Consider the function $f(x) = \mathrm{e}^{-1/x^2}$ on the reals. Although not defined at zero, it clearly has a limit at zero and that limit is zero. Now look at its derivatives: $$f'(x) = \frac{2}{x^3} f(x)$$ $$f''(x) = \frac{4-6x^2}{x^6} f(x)$$ $$f'''(x) = \frac{8-36x^2+24x^4}{x^9} f(x)$$ and so on, with the exponential overwhelming the rational function as we take limits at zero. We find, in fact, that this limiting process gives us zeroes for every derivative at zero.
Is this the zero function? No. Therefore, its power series expansion is not faithful at zero.
Why? Take a step back and look at the complex plane and notice the essential singularities pressed up against the real line at zero and discover that I "cheated" by taking limits at zero. In the reals, the limits exist, but in the complexes they do not. In short, the real line can be blind to essential features of functions. (Especially if the person posing functions to investigate is aware of this deficiency.) However, having looked at a neighborhood in the complexes, there is nothing left to know since there is nowhere for a feature to hide.


(I spent some time trying to clean up what amounts to random moire pattern in the center of the argument plot.

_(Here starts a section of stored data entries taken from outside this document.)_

(* Let $n\geqslant 3$, $X\geqslant 1$ and $\mathbf{y}\in\mathbb{N}^n$ with $1\leqslant y_i\leqslant X$ for all $i$. Then $$N_{\mathbf{y}}(X)\ll\frac{X^{n-1}}{\|\mathbf{d}\|_2},$$ where $\|\cdot\|_2$ is the Euclidean norm on $\mathbb{R}^n$ and $\mathbf{d}=(d_1,\dots,d_n)$.
   Context: $N_{\mathbf{y}}(X)=\#\{\mathbf{x}\in\mathbb{Z}^n:\ \max_i|x_i|\leqslant X,\ \sum_{i=1}^n x_i\prod_{j\neq i}y_j=0\}$. Let $N=2^n-1$; for $h\in\{1,\dots,N\}$ write $h=\sum_{j}\varepsilon_j(h)2^{j-1}$ with $\varepsilon_j(h)\in\{0,1\}$; $h\preceq\ell$ means $\varepsilon_j(h)\leqslant\varepsilon_j(\ell)$ for all $j$. Let $(z_h)$ be the unique reduced $N$-tuple of positive integers ($\gcd(z_h,z_\ell)=1$ whenever $h,\ell$ are $\preceq$-incomparable) with $y_j=\prod_h z_h^{\varepsilon_j(h)}$, and $d_i=\prod_h z_h^{1-\varepsilon_i(h)}$. *)

From mathcomp Require Import all_boot all_order all_algebra.
From mathcomp Require Import reals.
Set Implicit Arguments. Unset Strict Implicit. Unset Printing Implicit Defensive.
Import Order.TTheory GRing.Theory Num.Theory.

(* Indices h range over {1, ..., 2^n - 1}; coordinates j over 'I_n
   (j : 'I_n stands for the paper's index j+1).  *)

Definition eps (n : nat) (j : 'I_n) (h : nat) : nat := odd (h %/ 2 ^ j).

Definition preceq (n : nat) (h l : nat) : bool :=
  [forall j : 'I_n, eps j h <= eps j l].

(* z : nat -> nat, only the values at h in [1, 2^n - 1] matter *)
Definition is_reduced_tuple (n : nat) (z : nat -> nat) : Prop :=
  (forall h, 1 <= h <= 2 ^ n - 1 -> 0 < z h) /\
  (forall h l, 1 <= h <= 2 ^ n - 1 -> 1 <= l <= 2 ^ n - 1 ->
     ~~ preceq n h l -> ~~ preceq n l h -> coprime (z h) (z l)).

Definition y_of (n : nat) (z : nat -> nat) (j : 'I_n) : nat :=
  \prod_(1 <= h < 2 ^ n) z h ^ eps j h.

Definition d_of (n : nat) (z : nat -> nat) (i : 'I_n) : nat :=
  \prod_(1 <= h < 2 ^ n) z h ^ (1 - eps i h).

Local Open Scope ring_scope.
Definition linform (n : nat) (y : 'I_n -> nat) (x : 'I_n -> int) : int :=
  \sum_(i < n) x i * ((\prod_(j < n | j != i) y j)%N)%:Z.

(* Every such x has |x_i| <= K := truncn X, so x is encoded by
   c : {ffun 'I_n -> 'I_(2K+1)} via x_i = c_i - K (a bijection onto
   the box [-K, K]^n); the constraint |x_i| <= X is also imposed explicitly. *)
Definition N_y (R : realType) (n : nat) (y : 'I_n -> nat) (X : R) : nat :=
  let K := Num.truncn X in
  #|[set c : {ffun 'I_n -> 'I_(K.*2.+1)} |
      let x := fun i => (val (c i))%:Z - K%:Z in
      [forall i, (`|x i|%:~R <= X)] && (linform y x == 0)]|.

Definition norm2 (R : realType) (n : nat) (v : 'I_n -> nat) : R :=
  Num.sqrt (\sum_(i < n) ((v i)%:R) ^+ 2).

The best I could manage follows, but is misleading about the violent flailing of the complex angle near the origin.)

(What we should really be seeing is infinitely many thinner and thinner strips as we get closer to the origin. Of course, the strips are already one pixel wide in the given image -- if we attempt to thin them further, all we render is a continuous blob of contour lines.)